On that point, I agree that it's a matter of prediction, which is notoriously difficult, particularly when it's about the future. I do think that there are good reasons to believe that this prediction is sound, so I will outline those.
(1) Republican senators have been a remarkably solid bloc for at least the last ten years. There have been very few surprising defections - none that I can recall apart from, perhaps, McCain's dramatic "thumbs-down" vote. A few Senators play close to the aisle, but we know who they are and there are not enough of them to make the two-thirds cut
(2) Therefore, you would have to expect a large number of Senators to defy the party, when this is something that has been very rare in recent years.
(3) This will be an extremely high-stakes vote, and therefore any Republican Senator defying their party on this would expect to be punished. The modern Republican party has good tools - primary challenge and funding, in particular - to punish a defecting Senator.

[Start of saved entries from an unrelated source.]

(* Let $G$ and $K$ be countable sets, let $m\in\mathbb N^+$, let $T\in\Lambda^G_m$ be an $m$-parent transmission function over $G$, and let $\beta:G\rightarrow K$ be a surjective function such that $T$ is ambivalent under $\beta$, with theme transmission function $T^{\overrightarrow\beta}\in\Lambda^K_m$. Then for every $p\in\Lambda^G$, \[\Xi_\beta(\mathcal V_T p)=\mathcal V_{T^{\overrightarrow\beta}}(\Xi_\beta p),\] i.e. $\mathcal V_T$ is globally coarsenable under $\beta$ with quotient $\mathcal V_{T^{\overrightarrow\beta}}$.
   Context: For a set $X$, $\Lambda^X$ denotes the set of distributions over $X$, i.e. functions $p:X\rightarrow[0,1]$ with $\sum_{x\in X}p(x)=1$. For $m\in\mathbb N^+$, an $m$-parent transmission function over $X$ is a function $T:\prod_1^{m+1}X\rightarrow[0,1]$, written $T(x|x_1,\ldots,x_m)$, such that for all $x_1,\ldots,x_m\in X$, $\sum_{x\in X}T(x|x_1,\ldots,x_m)=1$; the set of these is $\Lambda^X_m$. For $T\in\Lambda^X_m$ ($X$ countable), the variation operator $\mathcal V_T:\Lambda^X\rightarrow\Lambda^X$ is $(\mathcal V_Tp)(x)=\sum_{(x_1,\ldots,x_m)\in\prod_1^m X}T(x|x_1,\ldots,x_m)\prod_{i=1}^m p(x_i)$. For a function $\beta:X\rightarrow Y$ and $y\in Y$, $\langle y\rangle_\beta=\{x\in X\mid\beta(x)=y\}$. The projection operator $\Xi_\beta:\Lambda^X\rightarrow\Lambda^Y$ is $(\Xi_\beta p)(y)=\sum_{x\in\langle y\rangle_\beta}p(x)$. A transmission function $T\in\Lambda^G_m$ is ambivalent under a surjection $\beta:G\rightarrow K$ if there exists $D\in\Lambda^K_m$ such that for all $k,k_1,\ldots,k_m\in K$ and all $x_1\in\langle k_1\rangle_\beta,\ldots,x_m\in\langle k_m\rangle_\beta$, $\sum_{x\in\langle k\rangle_\beta}T(x|x_1,\ldots,x_m)=D(k|k_1,\ldots,k_m)$; this (unique) $D$ is denoted $T^{\overrightarrow\beta}$. *)

(* Countable sets are countTypes;
   sums over countable sets are order-independent nonnegative sums [esum]
   in the extended reals. *)
From HB Require Import structures.
From mathcomp Require Import all_boot all_order all_algebra.
From mathcomp Require Import all_classical all_reals.
From mathcomp Require Import ereal esum.

Set Implicit Arguments.
Unset Strict Implicit.
Unset Printing Implicit Defensive.

Import Order.TTheory GRing.Theory Num.Theory.
Local Open Scope classical_set_scope.
Local Open Scope ring_scope.

Definition psum (R : realType) (X : countType) (A : set X) (f : X -> R) : \bar R :=
  (\esum_(x in A) (f x)%:E)%E.

Definition is_distribution (R : realType) (X : countType) (p : X -> R) : Prop :=
  (forall x, 0 <= p x <= 1) /\ psum setT p = 1%E.

(* T ∈ Λ^X_m ; T x xs stands for T(x | xs_1,...,xs_m) *)
Definition is_transmission (R : realType) (X : countType) (m : nat)
    (T : X -> m.-tuple X -> R) : Prop :=
  forall xs : m.-tuple X, (forall x, 0 <= T x xs <= 1) /\ psum setT (fun x => T x xs) = 1%E.

Definition variation (R : realType) (X : countType) (m : nat)
    (T : X -> m.-tuple X -> R) (p : X -> R) : X -> R :=
  fun x => fine (psum setT (fun xs : m.-tuple X => T x xs * \prod_(i < m) p (tnth xs i))).

Definition fiber (X Y : Type) (beta : X -> Y) (y : Y) : set X := [set x | beta x = y].

Definition projection (R : realType) (X Y : countType) (beta : X -> Y) (p : X -> R) : Y -> R :=
  fun y => fine (psum (fiber beta y) p).

(* D witnesses that T is ambivalent under beta, i.e. D = T^{->beta} *)
Definition is_theme (R : realType) (G K : countType) (m : nat)
    (T : G -> m.-tuple G -> R) (beta : G -> K) (D : K -> m.-tuple K -> R) : Prop :=
  is_transmission D /\
  forall (k : K) (ks : m.-tuple K) (xs : m.-tuple G),
    (forall i : 'I_m, beta (tnth xs i) = tnth ks i) ->
    psum (fiber beta k) (fun x => T x xs) = (D k ks)%:E.

Definition ambivalent (R : realType) (G K : countType) (m : nat)
    (T : G -> m.-tuple G -> R) (beta : G -> K) : Prop :=
  exists D : K -> m.-tuple K -> R, is_theme T beta D.

(* At a theme k both sides equal  sum_xs D(k | beta xs) * prod_i p(xs_i).
   On the left, exchange the sum over the fibre of k with the sum over parent
   tuples xs; ambivalence turns sum_{x in fibre k} T(x | xs) into D(k | beta xs).
   On the right, prod_i (Xi p)(k_i) is a product of fibre sums, i.e. the sum of
   prod_i p(xs_i) over the tuples xs with beta xs = ks; summing over ks then
   regroups the tuples xs by their image.  All sums are nonnegative sums in the
   extended reals, and the projection and variation of a distribution are again
   distributions, so every [fine] involved is the value of a finite sum. *)

From HB Require Import structures.
From mathcomp Require Import all_boot all_order all_algebra.
From mathcomp Require Import all_classical all_reals.
From mathcomp Require Import ereal esum.

Set Implicit Arguments.
Unset Strict Implicit.
Unset Printing Implicit Defensive.

Import Order.TTheory GRing.Theory Num.Theory.
Local Open Scope classical_set_scope.
Local Open Scope ring_scope.

Section esum_lemmas.
Variable R : realType.
Local Open Scope ereal_scope.

Lemma esumZl (T : choiceType) (I : set T) (a : T -> \bar R) (r : R) :
  (0 <= r)%R -> (forall i, 0 <= a i) ->
  \esum_(i in I) (r%:E * a i) = r%:E * \esum_(i in I) a i.
Proof.
move=> r0 a0; rewrite /esum -ereal_supZl //; last first.
  by apply/set0P; exists 0; exists set0; [exact: fsets_set0 | rewrite fsbig_set0].
congr ereal_sup; apply/seteqP; split => x /=.
  move=> [A HA <-]; exists (\sum_(y \in A) a y); first by exists A.
  by rewrite ge0_mule_fsumr.
by move=> [_ [A HA <-] <-]; exists A => //; rewrite ge0_mule_fsumr.
Qed.

Lemma exchange_esum (T1 T2 : choiceType) (A : set T1) (B : set T2)
    (a : T1 -> T2 -> \bar R) : (forall i j, 0 <= a i j) ->
  \esum_(i in A) \esum_(j in B) a i j = \esum_(j in B) \esum_(i in A) a i j.
Proof.
move=> a0; rewrite (esum_esum (J := fun _ => B)) //.
rewrite (esum_esum (J := fun _ => A)) //.
rewrite (reindex_esum (A `*`` fun _ => B) _ (fun x => (x.2, x.1))) //.
split => /=.
- by move=> [i j] [].
- by move=> [i1 i2] [j1 j2] _ _ [-> ->].
- by move=> [j i] [/= Bj Ai]; exists (i, j).
Qed.

Lemma le_esum_subset (T : choiceType) (A B : set T) (a : T -> \bar R) :
  (forall x, 0 <= a x) -> A `<=` B -> \esum_(x in A) a x <= \esum_(x in B) a x.
Proof.
move=> a0 AB; rewrite esum_mkcond [leRHS]esum_mkcond; apply: le_esum => x _.
case: (boolP (x \in A)) => [/set_mem/AB/mem_set -> // | _].
by case: ifP.
Qed.

Lemma esum_fibers (X Y : choiceType) (f : X -> Y) (a : X -> \bar R) :
  (forall x, 0 <= a x) ->
  \esum_(y in [set: Y]) \esum_(x in fiber f y) a x = \esum_(x in [set: X]) a x.
Proof.
move=> a0; rewrite esum_esum //.
rewrite (reindex_esum [set: X] _ (fun x => (f x, x))) //; split.
- by move=> x _.
- by move=> x1 x2 _ _ [].
- by move=> [y x] [_ /= <-]; exists x.
Qed.

Lemma esum_tuple_cons (X : choiceType) (m : nat) (A : 'I_m.+1 -> set X)
    (a : m.+1.-tuple X -> \bar R) : (forall xs, 0 <= a xs) ->
  \esum_(xs in [set xs : m.+1.-tuple X | forall i, A i (tnth xs i)]) a xs =
  \esum_(x in A ord0)
    \esum_(t in [set t : m.-tuple X |
                  forall i : 'I_m, A (lift ord0 i) (tnth t i)])
      a [tuple of x :: t].
Proof.
move=> a0; rewrite esum_esum //; apply: reindex_esum; split.
- move=> [x t] [/= Ax At] i.
  by case: (unliftP ord0 i) => [j ->|->]; rewrite ?tnthS ?tnth0.
- by move=> [x1 t1] [x2 t2] _ _ /(congr1 val) [-> /val_inj ->].
- move=> xs /= Axs; exists (thead xs, behead_tuple xs); last exact/esym/tuple_eta.
  split => [|i /=]; first exact: Axs.
  rewrite tnth_behead (_ : inord i.+1 = lift ord0 i) //.
  by apply: val_inj; rewrite /= inordK // ltnS.
Qed.

Lemma esum_tuple_prod (X : choiceType) (m : nat) (A : 'I_m -> set X)
    (p : X -> R) :
  (forall x, 0 <= p x)%R -> (forall i, \esum_(x in A i) (p x)%:E \is a fin_num) ->
  \esum_(xs in [set xs : m.-tuple X | forall i, A i (tnth xs i)])
     (\prod_(i < m) p (tnth xs i))%:E
  = (\prod_(i < m) fine (\esum_(x in A i) (p x)%:E))%:E.
Proof.
move=> p0; elim: m A => [|m IH] A finA.
  rewrite big_ord0 (_ : [set xs | _] = [set [tuple]]); last first.
    by apply/seteqP; split => [xs _ | xs _ []]; rewrite /= ?tuple0.
  by rewrite esum_set1 big_ord0.
have pE0 x : 0 <= (p x)%:E by rewrite lee_fin.
have prod_ge0 n (t : n.-tuple X) : 0 <= (\prod_(i < n) p (tnth t i))%:E.
  by rewrite lee_fin prodr_ge0.
have fine_prod_ge0 n (B : 'I_n -> set X) :
    (0 <= \prod_(i < n) fine (\esum_(x in B i) (p x)%:E))%R.
  by apply: prodr_ge0 => i _; rewrite fine_ge0 // esum_ge0.
rewrite esum_tuple_cons //.
under eq_esum => x _.
  under eq_esum => t _.
    rewrite big_ord_recl tnth0 EFinM.
    under eq_bigr => i _ do rewrite tnthS.
    over.
  rewrite (esumZl _ (p0 x) (prod_ge0 _)).
  rewrite (IH (fun i => A (lift ord0 i))) // muleC.
  over.
rewrite (esumZl _ (fine_prod_ge0 _ _) pE0).
by rewrite big_ord_recl EFinM muleC fineK.
Qed.

End esum_lemmas.

Lemma fiber_map_tuple (X Y : Type) (f : X -> Y) (m : nat) (ks : m.-tuple Y) :
  fiber (map_tuple f) ks = [set xs | forall i, fiber f (tnth ks i) (tnth xs i)].
Proof.
apply/seteqP; split => xs /=; first by move=> <- i; rewrite /fiber tnth_map.
by move=> fxs; apply: eq_from_tnth => i; rewrite tnth_map fxs.
Qed.

Section distributions.
Variable R : realType.

Lemma distribution_ge0 (X : countType) (p : X -> R) :
  is_distribution p -> forall x, 0 <= p x.
Proof. by move=> [p01 _] x; case/andP: (p01 x). Qed.

Lemma psum1_distribution (X : countType) (p : X -> R) :
  (forall x, 0 <= p x) -> psum setT p = 1%E -> is_distribution p.
Proof.
move=> p0 p1; split => // x; rewrite p0 /= -lee_fin -p1 /psum.
rewrite -(@esum_set1 _ _ x (fun y => (p y)%:E)) ?lee_fin //.
by apply: le_esum_subset => // y; rewrite lee_fin.
Qed.

Lemma psum_distribution_fin_num (X : countType) (p : X -> R) (A : set X) :
  is_distribution p -> psum A p \is a fin_num.
Proof.
move=> hp; have p0 y : (0 <= (p y)%:E)%E by rewrite lee_fin distribution_ge0.
rewrite ge0_fin_numE ?esum_ge0 //.
apply: le_lt_trans (le_esum_subset p0 (subsetT A)) _.
by case: hp => _; rewrite /psum => ->; exact: ltry.
Qed.

Lemma tuple_prod_distribution (X : countType) (m : nat) (p : X -> R) :
  is_distribution p ->
  is_distribution (fun xs : m.-tuple X => \prod_(i < m) p (tnth xs i)).
Proof.
move=> hp; apply: psum1_distribution => [xs|].
  by apply: prodr_ge0 => i _; exact: distribution_ge0.
have := esum_tuple_prod (m := m) (A := fun _ => setT) (distribution_ge0 hp)
  (fun _ => psum_distribution_fin_num setT hp).
rewrite /psum (_ : [set xs | _] = setT) => [->|]; last by apply/seteqP.
by move: hp.2; rewrite /psum => ->; rewrite big1.
Qed.

Section variation.
Variables (X : countType) (m : nat) (T : X -> m.-tuple X -> R) (p : X -> R).
Hypotheses (hT : is_transmission T) (hp : is_distribution p).

Let T_ge0 x xs : 0 <= T x xs. Proof. by case/andP: ((hT xs).1 x). Qed.

Let prod_ge0 (xs : m.-tuple X) : 0 <= \prod_(i < m) p (tnth xs i).
Proof. exact: distribution_ge0 (tuple_prod_distribution m hp) xs. Qed.

Lemma EFin_variation x : (variation T p x)%:E =
  psum setT (fun xs : m.-tuple X => T x xs * \prod_(i < m) p (tnth xs i)).
Proof.
rewrite fineK // ge0_fin_numE ?esum_ge0 // => [|xs _]; last first.
  by rewrite lee_fin mulr_ge0.
apply: (@le_lt_trans _ _
  (psum setT (fun xs : m.-tuple X => \prod_(i < m) p (tnth xs i)))).
  apply: le_esum => xs _; rewrite lee_fin ler_piMl //.
  by case/andP: ((hT xs).1 x).
by case: (tuple_prod_distribution m hp) => _; rewrite /psum => ->; exact: ltry.
Qed.

Lemma esum_variation (A : set X) :
  (\esum_(x in A) (variation T p x)%:E =
   \esum_(xs in setT)
     (psum A (fun x => T x xs) * (\prod_(i < m) p (tnth xs i))%:E))%E.
Proof.
under eq_esum => x _ do rewrite EFin_variation.
rewrite exchange_esum => [|x xs]; last by rewrite lee_fin mulr_ge0.
apply: eq_esum => xs _; under eq_esum => x _ do rewrite EFinM muleC.
rewrite esumZl //; last by move=> x; rewrite lee_fin.
exact: muleC.
Qed.

Lemma variation_distribution : is_distribution (variation T p).
Proof.
apply: psum1_distribution => [x|].
  by apply: fine_ge0; apply: esum_ge0 => xs _; rewrite lee_fin mulr_ge0.
rewrite /psum esum_variation.
under eq_esum => xs _ do rewrite (hT xs).2 mul1e.
exact: (tuple_prod_distribution m hp).2.
Qed.

End variation.
End distributions.

Section projection.
Variables (R : realType) (G K : countType) (beta : G -> K) (p : G -> R).
Hypothesis hp : is_distribution p.

Lemma EFin_projection k : (projection beta p k)%:E = psum (fiber beta k) p.
Proof. exact/fineK/psum_distribution_fin_num. Qed.

Lemma projection_distribution : is_distribution (projection beta p).
Proof.
have pE0 x : (0 <= (p x)%:E)%E by rewrite lee_fin distribution_ge0.
apply: psum1_distribution => [k|]; first by rewrite fine_ge0 // esum_ge0.
rewrite /psum; under eq_esum => k _ do rewrite EFin_projection.
by rewrite /psum esum_fibers //; exact: hp.2.
Qed.

End projection.

Section coarsening.
Variables (R : realType) (G K : countType) (m : nat).
Variables (T : G -> m.-tuple G -> R) (beta : G -> K) (D : K -> m.-tuple K -> R).
Variable p : G -> R.
Hypotheses (hT : is_transmission T) (hD : is_theme T beta D) (hp : is_distribution p).

Let D_ge0 k ks : 0 <= D k ks. Proof. by case/andP: ((hD.1 ks).1 k). Qed.

Let prod_ge0 (xs : m.-tuple G) : 0 <= \prod_(i < m) p (tnth xs i).
Proof. exact: distribution_ge0 (tuple_prod_distribution m hp) xs. Qed.

Lemma EFin_projection_variation k : (projection beta (variation T p) k)%:E =
  (\esum_(xs in setT) (D k (map_tuple beta xs) * \prod_(i < m) p (tnth xs i))%:E)%E.
Proof.
rewrite (EFin_projection beta (variation_distribution hT hp)) /psum.
rewrite (esum_variation hT hp).
apply: eq_esum => xs _; rewrite EFinM; congr (_ * _)%E.
by apply: hD.2 => i; rewrite tnth_map.
Qed.

Lemma EFin_variation_projection k : (variation D (projection beta p) k)%:E =
  (\esum_(xs in setT) (D k (map_tuple beta xs) * \prod_(i < m) p (tnth xs i))%:E)%E.
Proof.
rewrite (EFin_variation hD.1 (projection_distribution beta hp)) /psum.
rewrite -(esum_fibers (map_tuple beta)); last by move=> xs; rewrite lee_fin mulr_ge0.
apply: eq_esum => ks _.
rewrite EFinM /projection.
rewrite -(esum_tuple_prod (distribution_ge0 hp)
  (fun i => psum_distribution_fin_num _ hp)).
rewrite -fiber_map_tuple -esumZl //.
by apply: eq_esum => xs <-; rewrite EFinM.
Qed.

End coarsening.

Theorem theorem1 (R : realType) (G K : countType) (m : nat) (hm : (0 < m)%N)
  (T : G -> m.-tuple G -> R) (beta : G -> K)
  (hT : is_transmission T)
  (hsurj : forall k : K, exists g : G, beta g = k)
  (hamb : ambivalent T beta)
  (D : K -> m.-tuple K -> R) (hD : is_theme T beta D) :
  forall p : G -> R, is_distribution p ->
    projection beta (variation T p) = variation D (projection beta p).
Proof.
move=> p hp; apply/funext => k; apply: EFin_inj.
by rewrite (EFin_projection_variation hT hD hp) (EFin_variation_projection hD hp).
Qed.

Therefore, any Senator thinking of defecting would have to expect that they would be strongly challenged for their Senate seat and probably lose, unless they are one of the known "moderates", namely Murkowski and Collins.
(4) Furthermore, most Republican Senators have active hard-right movements in their states who could be expected to support the Senate in this punishment by voting for a primary challenger.
(5) Therefore, you would have to find about a dozen Senators who have not up to now shown signs of defying their party to be willing to give up their Senate seats in order to punish a President who is doing things that most of them like.
(6) I do not believe that a dozen such Senators will be found.

Happy to address comments on any of these points.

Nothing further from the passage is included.